**TASK DESCRIPTION:**
Write out exactly the lines from the one containing "From Stdlib Require Import List." through the last line of the records below, and no others.

**INFORMATION SHOWN:**

================================

(* Let $(Q,P)$ be a weakly quasi-lattice ordered group and let $\Lambda$ be a $P$-graph with $\mathrm{FA}(\Lambda)\neq\emptyset$. For $\mu,\nu\in\mathrm{FA}(\Lambda)$ and finite $J,K\subseteq\Lambda$, let $$Z(\mu\setminus J,\nu\setminus K)=\{(x,d(\mu)d(\nu)^{-1},y)\in\mathcal{G}(\Lambda): \mu\in x,\ x\cap J=\emptyset,\ \nu\in y,\ y\cap K=\emptyset,\ x\cdot d(\mu)=y\cdot d(\nu)\}.$$ The collection of all such sets, where $\mu,\nu\in\mathrm{FA}(\Lambda)$ and $J,K$ are finite subsets of $\Lambda$, is a basis for the topology on $\mathcal{G}(\Lambda)$.
   Context: $(Q,P)$ weakly quasi-lattice ordered: $Q$ a discrete group, $P\subseteq Q$ a subsemigroup containing the identity $e$ with $P\cap P^{-1}=\{e\}$, and, with $p\le r$ meaning $pq=r$ for some $q\in P$, any two elements of $P$ with a common upper bound have a least common upper bound. A $P$-graph is a countable small category $\Lambda$ (range/source $r,s$) with a functor $d:\Lambda\to P$ with unique factorisation (if $d(\lambda)=pq$ there are unique $\mu,\nu$ with $\lambda=\mu\nu$, $d(\mu)=p$, $d(\nu)=q$). Write $\Lambda^m=d^{-1}(m)$, $\lambda\Lambda=\{\lambda\mu: s(\lambda)=r(\mu)\}$, $\mu\preceq\lambda$ iff $\lambda\in\mu\Lambda$. $\mathrm{FA}(\Lambda)$ is the set of $\lambda$ such that for all $\mu\in\lambda\Lambda,\nu\in\Lambda$ there is finite $J\subseteq\Lambda$ with $\mu\Lambda\cap\nu\Lambda=\bigcup_{\kappa\in J}\kappa\Lambda$. A filter is a nonempty hereditary and directed subset of $\Lambda$ (w.r.t. $\preceq$). $\mathcal{P}(\Lambda)$ has the product topology from $\{0,1\}^\Lambda$ (basis $\{x: K_1\subseteq x\subseteq\Lambda\setminus K_2\}$, $K_1,K_2$ finite); subsets have the subspace topology. Path space $\mathcal{X}(\Lambda)=\{x\text{ filter}: x\cap\mathrm{FA}(\Lambda)\neq\emptyset\}$. For $x\in\mathcal{X}(\Lambda)$, $m\in P$ with $x\cap\Lambda^m\neq\emptyset$ (write $x\in\mathrm{dom}(m)$), $x(0,m)$ is the unique element of $x\cap\Lambda^m$ and $x\cdot m=\{\mu: x(0,m)\mu\in x\}$. The path groupoid $\mathcal{G}(\Lambda)$ is the set of $(x,q,y)\in\mathcal{X}(\Lambda)\times Q\times\mathcal{X}(\Lambda)$ such that $q=mn^{-1}$, $x\in\mathrm{dom}(m)$, $y\in\mathrm{dom}(n)$, $x\cdot m=y\cdot n$ for some $m,n\in P$, with product $(x,q,y)(y,r,z)=(x,qr,z)$, inverse $(y,q^{-1},x)$, and the topology generated by the basis of sets $\{(x,mn^{-1},y)\in\mathcal{G}(\Lambda): x\in U,\ y\in V,\ x\in\mathrm{dom}(m),\ y\in\mathrm{dom}(n),\ x\cdot m=y\cdot n\}$ for $m,n\in P$ and $U,V\subseteq\mathcal{X}(\Lambda)$ open. *)

From Stdlib Require Import List.
Import ListNotations.
Set Implicit Arguments.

================================

**RESPONSE:**
From Stdlib Require Import List.
Import ListNotations.
Set Implicit Arguments.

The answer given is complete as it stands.